Agradáveis truques manjados

"Scoop" é o termo em inglês para o furo jornalístico, a grande e exclusiva sacada midiática. Este último filme de Woody Allen, no entanto, não tem nada de extraordinário. O interessante, talvez, seja a própria consciência que o filme tem disso: uma espécie de anti-herói do gênero a que faz referência – o suspense – dentro de um regime de comédia de truques manjados, mas que ainda assim, fazem rir.

No início do filme nos deparamos com a morte de um famoso jornalista inglês, célebre por sua persistência investigativa, referenciada na propina que este oferece à Morte no barco rumo ao "reino de Hades" – construção cênica incorporada ao universo da história.
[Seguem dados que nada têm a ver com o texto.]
Lemma dotv_le_enorm u v M : 0 < M -> enorm u <= M * enorm v ->
  dotv u v <= M * dotv v v.
Proof.
move=> M0 uv; have Mi : 0 < M^-1 by rewrite invr_gt0.
have := dotv_young u v Mi; rewrite invrK.
have : dotv u u <= M * M * dotv v v.
  by rewrite -!enorm_sqr mulrACA ler_pM ?enorm_ge0.
rewrite -(ler_pM2l Mi) !mulrA mulVf ?gt_eqF // mul1r; lra.
Qed.

End EuclideanSpace.

Section Smoothness.
Variables (R : realType) (n : nat) (phi : 'rV[R]_n -> R) (g : 'rV[R]_n -> 'rV[R]_n).
Implicit Types u v : 'rV[R]_n.
Hypothesis phi_grad : is_gradient phi g.

Lemma is_derive_gradient_line u v (t : R) :
  is_derive t 1 (fun s : R => phi (u + s *: v)) (dotv (g (u + t *: v)) v).
Proof.
have [dphi dphiE] := phi_grad (u + t *: v).
have line_shift : (fun h : R => h^-1 *: (phi (u + (h *: 1 + t) *: v) - phi (u + t *: v))) =
    (fun h : R => h^-1 *: ((phi \o shift (u + t *: v)) (h *: v) - phi (u + t *: v))).
  by apply/funext => h /=; rewrite /shift /= scalerDl [h%:A]mulr1 addrCA.
apply: DeriveDef; first by rewrite /derivable /= line_shift; exact: diff_derivable.
by rewrite /derive /= line_shift -dphiE -deriveE.
Qed.

Variable L : R.
Hypotheses (L_gt0 : 0 < L) (g_lip : forall u v, enorm (g u - g v) <= L * enorm (u - v)).

(* [t |-> phi (u + t v) - t <g u, v> - t^2 L/2 |v|^2] is nonincreasing on [0, 1]. *)
Lemma descent_lemma u v : phi (u + v) <= phi u + dotv (g u) v + L / 2 * dotv v v.
Proof.
pose F t := phi (u + t *: v).
have dF (t : R) : is_derive t 1 F (dotv (g (u + t *: v)) v) := is_derive_gradient_line u v t.
pose P := dotv (g u) v \*: (@id R) + L / 2 * dotv v v \*: ((@id R) * (@id R)).
have dFP (t : R) : is_derive t 1 (F - P) (dotv (g (u + t *: v)) v -
    (dotv (g u) v *: 1 + L / 2 * dotv v v *: (t *: 1 + t *: 1))) by apply: is_deriveB.
have FP_derivable (t : R) : derivable (F - P) t 1 := @ex_derive _ _ _ _ _ _ _ (dFP t).
have FP_cont : {within `[0, 1], continuous (F - P)}.
  apply: continuous_subspaceT => t.
  exact/differentiable_continuous/derivable1_diffP/FP_derivable.
have FP_decr (t : R) : t \in `]0, 1[ -> derive1 (F - P) t <= 0.
  rewrite in_itv /= => /andP[t0 _]; rewrite derive1E (@derive_val _ _ _ _ _ _ _ (dFP t)).
  have : dotv (g (u + t *: v) - g u) v <= L * t * dotv v v.
    apply: dotv_le_enorm; first by rewrite mulr_gt0.
    by apply: le_trans (g_lip _ _) _; rewrite addrC addKr enormZ ?(ltW t0) // mulrA.
  by rewrite dotvBl ![_%:A]mulr1 -[_ *: (t + t)]/(_ * (t + t)); lra.
have FP10 : (F - P) 1 <= (F - P) 0.
  apply: (ler0_derive1_le_cc (fun t _ => FP_derivable t) FP_decr FP_cont);
  by rewrite ?in_itv /= ?ler01 ?lexx.
move: FP10; rewrite /F /P /= !fctE /= scale1r scale0r addr0 [_%:A]mulr1 mulr0 !scaler0.
by rewrite -[_ *: (1 * 1)]/(_ * (1 * 1)) !mulr1; lra.
Qed.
Numa conversa do tipo "como você veio parar aqui", ele acaba recebendo informações que poderiam render um formidável furo jornalístico envolvendo um aristocrata e assassinatos em série. Sendo fiel a sua vocação, ele dá um jeito de voltar momentaneamente ao mundo dos vivos para incumbir alguém do possível furo. Eis que a pessoa encontrada, e aqui já se pode ver a comédia em tom de auto-deboche que Allen fará em relação ao suspense, é uma estudante de jornalismo americana (com uma bizarra dúvida em seguir a carreira familiar de dentista...).

A investigação, quando adentra o mundo da aristocracia inglesa, deixa ver uma certa representação que Allen faz dos ingleses, muito presente nesses dois últimos filmes londrinos do diretor, mas também em outros exemplos do passado. A noção de aristocracia é algo muito mais forte na cultura inglesa do que na americana, e esse pedigree cultural acaba sendo um fator de tensão entre os personagens e revelador de um certo cinismo. Em Match Point, é o desejo do protagonista em ascender socialmente que o leva a ilustrar-se em óperas e discussões literárias, bem ao gosto da família tradicional na qual busca agregar-se. Já em Scoop, o próprio Allen faz uma série de piadas, gafes com nomes da cultura refinada, que irritam a aspirante à jornalista, já tão seduzida pelo meio que praticamente desiste da "brincadeira do furo" (lembramos ainda do americano Trapaceiros, onde o verniz cultural, tão almejado pela mulher nova-rica como carimbo definitivo de sua ascensão, é aplicado por um inglês do mercado de galerias de arte, interpretado por Hugh Grant).

A piada final com os ingleses, sobre "mão invertida" do trânsito, acaba tendo maior impacto do que o insosso desfecho do mistério. Isso porque parece que Allen estava mesmo mais interessado em testar seus já velhos truques sobre uma estrutura de suspense um tanto banal. Mas a auto-consciência dessa posição é sugerida pelo bordão do personagem: a bajulação da platéia, que depois de tanta repetição nos aparece não sem uma ponta de ironia. E nos vemos então como a platéia do show do mágico-Allen, rindo de truques já vistos, talvez buscando um prazer na repetição de algo familiar e consagrado.